Watch CD Rates as Inflation Returns
December 18, 2009
Moving out to longer-term CDs has been a logical solution for depositors frustrated by generally low bank rates. However, with the inflation trend starting to turn, you need to think twice before locking in today's CD rates for the next few years.
Indications are that the US economy is moving from a period of deflation back to an environment of moderate inflation. It this is so, then CD rates will need to adjust to keep up. Until they do, they could leave you earning less than the inflation rate.
Interest Rates on CDs and the Deflation-to-Inflation Crossover
The latest Consumer Price Index (CPI) release, for October 2009, indicates that a new direction in the inflation trend is underway. While October's CPI number was not in itself dramatic, it did represent a somewhat normal pace of inflation--and this is in sharp contrast to the deflationary trend that had prevailed for much of the prior year.
Throughout most of 2009, the year-over-year CPI numbers had been negative, and from May through September they were negative by more than 1%. Negative CPI numbers mean deflation, and this put the low bank rate environment in a different light. Effectively, that period of deflation meant that depositors were adding 1% or more in purchasing power on top of their CD rates, which made those low bank rates a little more palatable.

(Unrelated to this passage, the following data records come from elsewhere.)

(* Let $\kappa$ be a regular cardinal and $G$ a graph. If there exists a cardinal $\lambda<\kappa$ such that $G$ is $(\kappa,\lambda)$-connected, then $K_\kappa$ is a minor of $G$.
   Context: A graph is a pair $(V,E)$ with $E\subseteq[V]^2$. For infinite cardinals $\kappa,\lambda$, a graph is $(\kappa,\lambda)$-connected if after the removal of any set of fewer than $\kappa$ vertices, the number of connected components of the remaining graph is non-zero and less than $\lambda$. $K_\kappa$ is the complete graph on $\kappa$ vertices. A graph $H$ is a minor of $G$ if there are pairwise disjoint non-empty vertex sets $(X_u)_{u\in V_H}$ of $G$, each inducing a connected subgraph, such that for each edge $\{u,v\}$ of $H$ some vertex of $X_u$ is adjacent in $G$ to some vertex of $X_v$. *)

(* Cardinals are represented by types (a cardinal = the
   cardinality of a type); comparisons via injections. *)
From Stdlib Require Import Relations.

Set Implicit Arguments.

Definition card_le (A B : Type) : Prop :=
  exists f : A -> B, forall x y, f x = f y -> x = y.

Definition card_lt (A B : Type) : Prop := card_le A B /\ ~ card_le B A.

Definition infinite_type (A : Type) : Prop := card_le nat A.

Definition regular (K : Type) : Prop :=
  infinite_type K /\
  forall (I : Type) (F : I -> K -> Prop),
    card_lt I K ->
    (forall i, card_lt {x : K | F i x} K) ->
    exists x : K, forall i, ~ F i x.

Record graph (V : Type) : Type := Graph {
  adj : V -> V -> Prop;
  adj_sym : forall x y, adj x y -> adj y x;
  adj_irrefl : forall x, ~ adj x x
}.

Definition conn_in (V : Type) (G : graph V) (A : V -> Prop) (x y : V) : Prop :=
  A x /\ A y /\
  clos_refl_trans V (fun u v => A u /\ A v /\ adj G u v) x y.

Definition components (V : Type) (G : graph V) (S : V -> Prop) : Type :=
  { C : V -> Prop |
    exists x, ~ S x /\ C = conn_in G (fun v => ~ S v) x }.

Definition kl_connected (V : Type) (G : graph V) (K L : Type) : Prop :=
  forall S : V -> Prop, card_lt {v : V | S v} K ->
    inhabited (components G S) /\ card_lt (components G S) L.

Definition complete_minor (V : Type) (G : graph V) (K : Type) : Prop :=
  exists X : K -> V -> Prop,
    (forall u, exists x, X u x) /\
    (forall u v x, u <> v -> X u x -> X v x -> False) /\
    (forall u x y, X u x -> X u y -> conn_in G (X u) x y) /\
    (forall u v, u <> v -> exists x y, X u x /\ X v y /\ adj G x y).

(* Call a vertex set small if it has fewer than kappa vertices.  Removing a small
   set leaves fewer than lambda < kappa components, so by regularity one of them
   has kappa vertices.  If every small S0 could be enlarged to a small T splitting
   a component of G - S0 into two large components of G - T, iterating this along a
   well-order of length lambda and choosing least vertices would produce lambda
   components of G minus one small set; so some small S0 is stable, and it selects
   for every small T a component f T of G - T, decreasing in T.  The same counting
   shows that kappa vertices are attached to f, i.e. lie in f C for every small C
   missing them.  Finally, take by Zorn a maximal family of pairwise disjoint and
   pairwise adjacent small connected sets, each containing an attached vertex.  If
   it had fewer than kappa members, their union S would be small, each member
   would have a neighbour in f S, and small paths in f S joining a fresh attached
   vertex to these neighbours would form a new member.  So the family has kappa
   members: the branch sets of a K_kappa minor. *)

From mathcomp Require Import ssreflect ssrfun ssrbool eqtype.
From mathcomp Require Import boolp classical_sets wochoice.
From Stdlib Require Import Relations Wellfounded.

Set Implicit Arguments.
Unset Strict Implicit.
Local Open Scope classical_set_scope.

Lemma sig_inj (T : Type) (P : T -> Prop) (u v : {x | P x}) :
  proj1_sig u = proj1_sig v -> u = v.
Proof. by case: u v => x p [y q] /= xy; apply: eq_exist. Qed.

Lemma card_le_trans (A B C : Type) : card_le A B -> card_le B C -> card_le A C.
Proof. by move=> [f f_inj] [g g_inj]; exists (g \o f) => x y /g_inj/f_inj. Qed.

Lemma card_lt_le_trans (A B C : Type) : card_lt A B -> card_le B C -> card_lt A C.
Proof.
move=> [AB nBA] BC; split; first exact: card_le_trans BC.
by move=> CA; apply/nBA/(card_le_trans BC).
Qed.

Lemma card_le_lt_trans (A B C : Type) : card_le A B -> card_lt B C -> card_lt A C.
Proof.
move=> AB [BC nCB]; split; first exact: card_le_trans BC.
by move=> CA; apply/nCB/(card_le_trans CA).
Qed.

Lemma card_le_sig (A : Type) (P : set A) : card_le {x | P x} A.
Proof. by exists (@proj1_sig _ _) => x y; apply: sig_inj. Qed.

Lemma card_le_sigS (A : Type) (P Q : set A) :
  P `<=` Q -> card_le {x | P x} {x | Q x}.
Proof.
move=> PQ; exists (fun u => exist Q (proj1_sig u) (PQ _ (proj2_sig u))) => u v.
by move/(congr1 (@proj1_sig _ _)) => /=; apply: sig_inj.
Qed.

(* Zorn: a maximal partial injection is total on A or onto B. *)
Lemma card_le_total (A B : Type) : card_le A B \/ card_le B A.
Proof.
pose pinj := [set M : set (A * B) |
  forall p q, M p -> M q -> (p.1 = q.1 <-> p.2 = q.2)].
have [|M [pinjM maxM]] := @Zorn_bigcup _ pinj.
  move=> F Fpinj Ftot p q [X FX Xp] [Y FY Yq].
  have [XY|YX] := Ftot X Y FX FY.
    exact: (Fpinj Y FY) (XY p Xp) Yq.
  exact: (Fpinj X FX) Xp (YX q Yq).
have [[a0 a0M]|domM] := pselect (exists a, forall b, ~ M (a, b)); last first.
  have /choice[f Mf] : forall a, exists b, M (a, b).
    by move=> a; apply/not_existsP => naM; apply: domM; exists a.
  by left; exists f => x y fxy; apply/(pinjM (x, f x) (y, f y)).
have [[b0 b0M]|codomM] := pselect (exists b, forall a, ~ M (a, b)); last first.
  have /choice[g Mg] : forall b, exists a, M (a, b).
    by move=> b; apply/not_existsP => nbM; apply: codomM; exists b.
  by right; exists g => x y gxy; apply/(pinjM (g x, x) (g y, y)).
exfalso; apply: (maxM (M `|` [set (a0, b0)])).
  split; first by move=> p Mp; left.
  by move=> /(_ (a0, b0) (or_intror erefl)); apply: a0M.
move=> [a b] [a' b'] [Mab|[-> ->]] [Mab'|[-> ->]] /=.
- exact: (pinjM (a, b) (a', b')).
- by split=> eq; [case: (a0M b); rewrite -eq | case: (b0M a); rewrite -eq].
- by split=> eq; [case: (a0M b'); rewrite eq | case: (b0M a'); rewrite eq].
- by [].
Qed.

Lemma exists_wf_total_order (T : Type) : exists lt : T -> T -> Prop,
  well_founded lt /\ forall x y, lt x y \/ x = y \/ lt y x.
Proof.
elim/Peq: T => T; have [R woR] := well_ordering_principle T.
have woT : wo_chain R predT by move=> A _; apply: woR.
have R_anti := wo_chain_antisymmetric woT.
exists (fun x y => ~~ R y x); split.
  move=> x; apply: contrapT => nAx.
  have [|m [[nAm minm] _]] := woR [pred t | `[< ~ Acc (fun x y => ~~ R y x) t >] ].
    by exists x; rewrite inE.
  move: nAm; rewrite inE; apply; constructor => y /negP Rmy.
  by apply: contrapT => nAy; apply/Rmy/minm; rewrite inE.
move=> x y; have [Ryx|nRyx] := boolP (R y x); last by left.
have [Rxy|nRxy] := boolP (R x y); last by right; right.
by right; left; apply: R_anti; rewrite ?inE ?Rxy.
Qed.

Definition least (T : Type) (lt : T -> T -> Prop) (A : set T) (m : T) :=
  A m /\ forall y, A y -> ~ lt y m.

Lemma exists_least (T : Type) (lt : T -> T -> Prop) (A : set T) :
  well_founded lt -> (exists x, A x) -> exists m, least lt A m.
Proof.
move=> wf_lt [x Ax]; apply: contrapT => noleast.
elim: (wf_lt x) Ax => {}x _ IH Ax; apply: noleast; exists x; split=> // y Ay ltyx.
exact: IH ltyx Ay.
Qed.

Lemma least_unique (T : Type) (lt : T -> T -> Prop) (A : set T) m m' :
  (forall x y, lt x y \/ x = y \/ lt y x) -> least lt A m -> least lt A m' -> m = m'.
Proof.
move=> lt_total [Am m_least] [Am' m'_least].
by have [/(m'_least _ Am)|[|/(m_least _ Am')]] := lt_total m m'.
Qed.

Things are changing now. The CPI hasn't had a negative month since March. With the release of the October figures, the year-over-year CPI change was -0.2%. Barring a dramatic change in the economy, CPI appears to be headed back to positive territory. So far in 2009, inflation is on pace to end the year at an annual rate of around 2.7%.
From a historical perspective, 2.7% is a moderate level of inflation, but from the standpoint of sub-2% CD rates, even that much inflation would be damaging. It would mean that depositors were losing rather than gaining purchasing power from their savings.
Watching Bank Rates Adjust
When inflation reestablishes itself, you can expect bank rates to adjust. However, this may not happen as quickly as depositors would like. After all, banks are grasping to find profitability where they can, and keeping deposit rates low while market rates rise is an appealing prospect. Also, until the lending business picks up, banks have less incentive to attract deposits. So, not every bank is going to bend over backward to offer deposit rates that keep pace with inflation.
Eventually, though, the laws of supply-and-demand and competition should prevail in adjusting bank rates upward to the new inflation environment. Until then, depositors would be wise to follow two simple rules:
- Do not lock in bank rates until these changes have played out. The inflation picture is in a state of flux. Until it settles into a new trend, and until bank rates adjust to that trend, avoid longer-term CDs in favor of shorter maturities or savings accounts. Liquidity and flexibility are more valuable right now than eking out that extra interest rate on CDs with multi-year terms.
- Keep your eye on the banking market. Different banks are going to adjust their rates to changes in inflation at different times. You may find your current bank is slow to adjust. Keep your eye on the banking marketplace at Money-Rates.com so you can find alternatives that will help you stay ahead of inflation.